Aran Nayebi, ICoN Postdoctoral Fellow at MIT
Deep neural networks trained on high-variation tasks ("goals”) have had immense success as predictive models of the human and non-human primate visual pathways. More specifically, a positive relationship has been observed between model performance on ImageNet categorization and neural predictivity. Past a point, however, improved categorization performance on ImageNet does not yield improved neural predictivity, even between very different architectures. In this talk, I will present two case studies in both rodents and primates, that demonstrate a more general correspondence between self-supervised learning of visual representations relevant to high-dimensional embodied control and increased gains in neural predictivity.

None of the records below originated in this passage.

Section AlternatingChains.
Variables (V : finType) (L : V -> int).

Definition alt_step : rel V := fun u w =>
  (absz (L u) < absz (L w))%N && ((L u < 0) != (L w < 0)).

Definition alt_chain_bounded (S : {set V}) (k : nat) : Prop :=
  forall l, all (mem S) l -> sorted alt_step l -> (size l <= k)%N.

Definition no_opposite_labels (S : {set V}) : Prop :=
  forall u v, u \in S -> v \in S -> L u + L v != 0.

Lemma no_opposite_labels_neq0 (S : {set V}) (v : V) :
  no_opposite_labels S -> v \in S -> L v != 0.
Proof. by move=> noopp vS; apply: contraNneq (noopp v v vS vS) => ->. Qed.

Lemma alt_chain_bounded_cut (S : {set V}) (us vs : V) (k : nat) :
  no_opposite_labels S -> us \in S -> vs \in S ->
  (L us < 0) != (L vs < 0) -> (absz (L us) < absz (L vs))%N ->
  alt_chain_bounded S k.+1 ->
  alt_chain_bounded [set v in S | (absz (L v) <= absz (L us))%N] k.
Proof.
move=> noopp usS vsS us_vs us_lt bounded [//|x l] lS' /= chain.
have lS : all (mem S) (x :: l).
  by apply: sub_all lS' => v; rewrite /= inE => /andP[].
set w := last x l.
have : w \in [set v in S | (absz (L v) <= absz (L us))%N].
  by apply: (allP lS'); rewrite mem_last.
rewrite inE => /andP[wS w_le].
have [w_vs|w_vs] := eqVneq (L w < 0) (L vs < 0).
  (* a chain ending on the side of [vs] below [us] extends by [us] and [vs] *)
  have w_lt : (absz (L w) < absz (L us))%N.
    rewrite ltn_neqAle w_le andbT; apply/negP => /eqP w_us.
    by move: (noopp w us wS usS) us_vs; rewrite -w_vs; lia.
  have := bounded (rcons (rcons (x :: l) us) vs).
  rewrite !all_rcons lS !inE usS vsS !size_rcons /= !rcons_path chain last_rcons.
  rewrite /alt_step -/w w_lt us_lt w_vs (eq_sym (L vs < 0)) us_vs.
  by move=> /(_ isT isT); lia.
have := bounded (rcons (x :: l) vs).
rewrite all_rcons lS inE vsS size_rcons /= rcons_path chain /alt_step -/w w_vs.
by rewrite (leq_ltn_trans w_le us_lt) => /(_ isT isT).
Qed.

In the first study, we develop the (currently) most precise model of the mouse visual system, and show that self-supervised, contrastive algorithms outperform supervised approaches in capturing neural response variance across visual areas. By “implanting” these visual networks into a biomechanically-realistic rodent body to navigate to rewards in a novel maze environment, we observe that the artificial rodent with a contrastively-optimized visual system is able to obtain more reward across episodes compared to its supervised counterpart. The second case study examines mental simulations in primates, wherein we show that self-supervised video foundation models that predict the future state of their environment in latent spaces that can support a wide range of sensorimotor tasks, align most closely with human error patterns and macaque frontal cortex neural dynamics. Taken together, our findings suggest that self-supervised learning of visual representations that are reusable for downstream Embodied AI tasks may be a promising way forward to study the evolutionary constraints of neural circuits in multiple species.